Collected data:
• • • •

(* Let $n\ge 1$ and $k\ge 2$ be integers and let ${\boldsymbol A}\in\mathbb{R}^{n\times n}$ be a symmetric matrix. Let ${\boldsymbol\sigma}=({\boldsymbol\sigma}_1,\dots,{\boldsymbol\sigma}_n)$ be a local maximum of $F_{\boldsymbol A}({\boldsymbol\sigma})=\sum_{i,j=1}^n A_{ij}\langle{\boldsymbol\sigma}_i,{\boldsymbol\sigma}_j\rangle$ over the manifold ${\sf S}(n,k)=\{({\boldsymbol\sigma}_1,\dots,{\boldsymbol\sigma}_n): {\boldsymbol\sigma}_i\in\mathbb{R}^k,\ \|{\boldsymbol\sigma}_i\|_2=1\ \forall i\}$. Then $$ {\sf SDP}({\boldsymbol A})\ \ge\ F_{\boldsymbol A}({\boldsymbol\sigma})\ \ge\ {\sf SDP}({\boldsymbol A})-\frac{8}{\sqrt{k}}\, n\,\|{\boldsymbol A}\|_2, $$ where ${\sf SDP}({\boldsymbol A})=\max\{\langle {\boldsymbol A},{\boldsymbol X}\rangle : {\boldsymbol X}\in\mathbb{R}^{n\times n},\ {\boldsymbol X}\succeq 0,\ X_{ii}=1\ \forall i\in[n]\}$.
   Context: $\langle{\boldsymbol A},{\boldsymbol B}\rangle={\rm Tr}({\boldsymbol A}^{\sf T}{\boldsymbol B})$ is the matrix scalar product; $\|{\boldsymbol A}\|_2$ is the $\ell_2$ operator norm of ${\boldsymbol A}$. ${\sf S}(n,k)$ is identified with the set of $n\times k$ real matrices whose rows are unit vectors (a product of $n$ copies of the sphere ${\sf S}^{k-1}$), and ''local maximum'' refers to this manifold structure. *)

From HB Require Import structures.
From mathcomp Require Import all_boot all_order all_algebra.
From mathcomp Require Import classical_sets reals.
Set Implicit Arguments. Unset Strict Implicit. Unset Printing Implicit Defensive.
Import Order.TTheory GRing.Theory Num.Theory.
Local Open Scope ring_scope.
Local Open Scope classical_set_scope.

Section Defs.
Variable R : realType.

Definition mxdot (m p : nat) (A B : 'M[R]_(m, p)) : R := \tr (A^T *m B).

Definition vnorm (n : nat) (v : 'cV[R]_n) : R := Num.sqrt (\sum_i v i 0 ^+ 2).

Definition opnorm2 (n : nat) (A : 'M[R]_n) : R :=
  sup [set r | exists v : 'cV[R]_n, vnorm v = 1 /\ r = vnorm (A *m v)].

Definition psd (n : nat) (X : 'M[R]_n) : Prop :=
  X^T = X /\ forall v : 'cV[R]_n, 0 <= (v^T *m X *m v) 0 0.

Definition SDP (n : nat) (A : 'M[R]_n) : R :=
  sup [set r | exists X : 'M[R]_n,
        psd X /\ (forall i, X i i = 1) /\ r = mxdot A X].

Definition onSnk (n k : nat) (s : 'M[R]_(n, k)) : Prop :=
  forall i, \sum_l s i l ^+ 2 = 1.

Definition FA (n k : nat) (A : 'M[R]_n) (s : 'M[R]_(n, k)) : R :=
  \sum_i \sum_j A i j * (\sum_l s i l * s j l).

(* local maximum of F_A on S(n,k) w.r.t. the subspace topology of R^{n x k}
   (entrywise sup-distance neighbourhoods) *)
Definition local_max_Snk (n k : nat) (A : 'M[R]_n) (s : 'M[R]_(n, k)) : Prop :=
  onSnk s /\
  exists eps : R, 0 < eps /\
    forall t : 'M[R]_(n, k), onSnk t ->
      (forall i l, `|t i l - s i l| < eps) -> FA A t <= FA A s.
End Defs.

(* At a local maximum sigma, the second variation of F_A along every tangent direction
   u (u_i orthogonal to sigma_i) is nonpositive; following the curves [sphere_curve],
   which stay exactly on S(n,k), this reads [hess_form u <= 0].  Given a feasible X of
   the SDP, write X = Y Y^T and sum these inequalities over the directions
   u_i = Y_ib (e_a - sigma_ia sigma_i), for all a and b: this yields
     (k - 2) <A, X> + sum_ij A_ij X_ij <sigma_i, sigma_j>^2 <= (k - 1) F_A(sigma).
   Both <A, X> and the Hadamard term are sums of quadratic forms of A over families of
   vectors whose squared norms add up to n, hence are bounded by n ||A||_2 in absolute
   value.  So F_A(sigma) >= <A, X> - 2 n ||A||_2 / (k - 1), and 2 / (k - 1) <= 8 / sqrt k. *)

From HB Require Import structures.
From mathcomp Require Import all_boot all_order all_algebra.
From mathcomp Require Import classical_sets reals.
From mathcomp Require Import ring lra.
Set Implicit Arguments.
Unset Strict Implicit.
Unset Printing Implicit Defensive.
Lemma isFtau_ab_of_pl_homeo a b k : 0 < a -> b < 1 -> inZtau a -> inZtau b ->
  pl_homeo k a b a b -> (forall x, x < a \/ b < x -> k x = x) -> isFtau_ab a b k.
Proof.
  intros Ha Hb Za Zb Hk Hout.
  pose proof (pl_homeo_start _ _ _ _ _ Hk). pose proof (pl_homeo_end _ _ _ _ _ Hk).
  split.
  - apply isFtau_of_pl_homeo; [|intros x Hx; apply Hout; lra].
    apply pl_glue with b b; [apply pl_glue with a a; [|exact Hk]|].
    + apply (pl_homeo_ext _ _ _ _ _ (pl_homeo_id 0 a Ha (inZtau_IZR 0) Za)).
      intros x Hx. destruct (Req_dec x a) as [->|]; auto. symmetry. apply Hout. lra.
    + apply (pl_homeo_ext _ _ _ _ _ (pl_homeo_id b 1 Hb Zb (inZtau_IZR 1))).
      intros x Hx. destruct (Req_dec x b) as [->|]; auto. symmetry. apply Hout. lra.
  - intros x Hx. destruct (Rlt_le_dec x a); [exfalso; apply Hx, Hout; lra|].
    destruct (Rle_lt_dec x b); [lra | exfalso; apply Hx, Hout; lra].
Qed.

Definition extend_by_translations (c d c' d' : R) (h : R -> R) (x : R) : R :=
  if Rlt_dec x c then x - c + c' else if Rle_dec x d then h x else x - d + d'.

Lemma extend_by_translations_cancel c d c' d' h g : c' <= d' ->
  (forall x, c <= x <= d -> c' <= h x <= d' /\ g (h x) = x) ->
  forall x, extend_by_translations c' d' c d g (extend_by_translations c d c' d' h x) = x.
Proof.
  intros Hcd' Hgh x. unfold extend_by_translations.
  destruct (Rlt_dec x c); [destruct (Rlt_dec (x - c + c') c'); [ring | lra]|].
  destruct (Rle_dec x d).
  - destruct (Hgh x) as [Hhx Hx]; [lra|].
    destruct (Rlt_dec (h x) c'); [lra|]. destruct (Rle_dec (h x) d'); [auto | lra].
  - destruct (Rlt_dec (x - d + d') c'); [lra|].
    destruct (Rle_dec (x - d + d') d'); [lra | ring].
Qed.

Lemma pl_homeo_conj_extend h g f c d c' d' :
  pl_homeo h c d c' d' -> pl_homeo g c' d' c d ->
  (forall y, c' <= y <= d' -> h (g y) = y) ->
  pl_homeo f c d c d -> (forall x, x < c \/ d < x -> f x = x) ->
  let k y := extend_by_translations c d c' d' h (f (extend_by_translations c' d' c d g y)) in
  pl_homeo k c' d' c' d' /\ (forall y, y < c' \/ d' < y -> k y = y).
Proof.
  intros Hh Hg Hhg Hf Hout k.
  destruct (pl_homeo_bounds _ _ _ _ _ Hh) as (Hcd & Hcd' & _).
  split.
  - apply (pl_homeo_ext _ _ _ _ _ (pl_homeo_comp _ _ _ _ _ _ _ _
             (pl_homeo_comp _ _ _ _ _ _ _ _ Hg Hf) Hh)).
    intros y Hy. pose proof (pl_homeo_maps _ _ _ _ _ y Hg Hy) as Hgy.
    pose proof (pl_homeo_maps _ _ _ _ _ (g y) Hf Hgy).
    unfold k, extend_by_translations.
    destruct (Rlt_dec y c'); [lra|]. destruct (Rle_dec y d'); [|lra].
    destruct (Rlt_dec (f (g y)) c); [lra|]. destruct (Rle_dec (f (g y)) d); [auto | lra].
  - assert (Hcancel := extend_by_translations_cancel c' d' c d g h ltac:(lra)).
    intros y Hy. unfold k. rewrite Hout; [apply Hcancel|].
    + intros x Hx. split; [apply (pl_homeo_maps _ _ _ _ _ x Hg Hx) | auto].
    + unfold extend_by_translations.
      destruct (Rlt_dec y c'); [lra|]. destruct (Rle_dec y d'); lra.
Qed.

Lemma comp_group_iso_conj (G H : (R -> R) -> Prop) (u v : R -> R) :
  (forall x, v (u x) = x) -> (forall y, u (v y) = y) ->
  (forall f, G f -> H (fun y => u (f (v y)))) ->
  (forall k, H k -> G (fun x => v (k (u x)))) ->
  comp_group_iso G H (fun f y => u (f (v y))).
Proof.
  intros Hvu Huv HGH HHG. split; [|split; [|split]]; auto.
  - intros f1 f2 _ _ E. extensionality x.
    pose proof (f_equal (fun F => v (F (u x))) E) as Ex. simpl in Ex.
    rewrite !Hvu in Ex. exact Ex.
  - intros k Hk. exists (fun x => v (k (u x))). split; auto.
    extensionality y. rewrite !Huv. reflexivity.
  - intros f1 f2 _ _. extensionality y. rewrite Hvu. reflexivity.
Qed.

Theorem mainTheorem13 (a b : R) :
  inZtau a -> inZtau b -> 0 < a -> a < b -> b < 1 ->
  exists phi : (R -> R) -> (R -> R), comp_group_iso isFtau (isFtau_ab a b) phi.
Proof.
  intros Za Zb Ha Hab Hb.
  destruct (pl_homeo_unit_onto a b Za Zb Hab) as [h Hh].
  destruct (pl_homeo_inverse _ _ _ _ _ Hh) as (g & Hg & Hgh & Hhg).
  exists (fun f y => extend_by_translations 0 1 a b h (f (extend_by_translations a b 0 1 g y))).
  apply comp_group_iso_conj.
  - apply extend_by_translations_cancel; [lra|].
    intros x Hx. split; [apply (pl_homeo_maps _ _ _ _ _ x Hh Hx) | auto].
  - apply extend_by_translations_cancel; [lra|].
    intros y Hy. split; [apply (pl_homeo_maps _ _ _ _ _ y Hg Hy) | auto].
  - intros f Hf.
    destruct (pl_homeo_conj_extend h g f 0 1 a b Hh Hg Hhg (isFtau_pl_homeo f Hf) (proj1 Hf))
      as [Hk Hout].
    apply isFtau_ab_of_pl_homeo; auto.
  - intros k Hk.
    destruct (isFtau_ab_pl_homeo a b k Ha Hab Hb Za Zb Hk) as [Hk' Hout'].
    destruct (pl_homeo_conj_extend g h k a b 0 1 Hg Hh Hgh Hk' Hout') as [Hf Hout].
    apply isFtau_of_pl_homeo; auto.
Qed.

• • • •

◆ **TASK PROMPT**: Take the lines above from the one holding "destruct (pl_homeo_unit_onto a" to the last and output them exactly.

◆ **ANSWER FOR THE TASK**:
  destruct (pl_homeo_unit_onto a b Za Zb Hab) as [h Hh].
  destruct (pl_homeo_inverse _ _ _ _ _ Hh) as (g & Hg & Hgh & Hhg).
  exists (fun f y => extend_by_translations 0 1 a b h (f (extend_by_translations a b 0 1 g y))).
  apply comp_group_iso_conj.
  - apply extend_by_translations_cancel; [lra|].
    intros x Hx. split; [apply (pl_homeo_maps _ _ _ _ _ x Hh Hx) | auto].
  - apply extend_by_translations_cancel; [lra|].
    intros y Hy. split; [apply (pl_homeo_maps _ _ _ _ _ y Hg Hy) | auto].
  - intros f Hf.
    destruct (pl_homeo_conj_extend h g f 0 1 a b Hh Hg Hhg (isFtau_pl_homeo f Hf) (proj1 Hf))
      as [Hk Hout].
    apply isFtau_ab_of_pl_homeo; auto.
  - intros k Hk.
    destruct (isFtau_ab_pl_homeo a b k Ha Hab Hb Za Zb Hk) as [Hk' Hout'].
    destruct (pl_homeo_conj_extend g h k a b 0 1 Hg Hh Hgh Hk' Hout') as [Hf Hout].
    apply isFtau_of_pl_homeo; auto.
Qed.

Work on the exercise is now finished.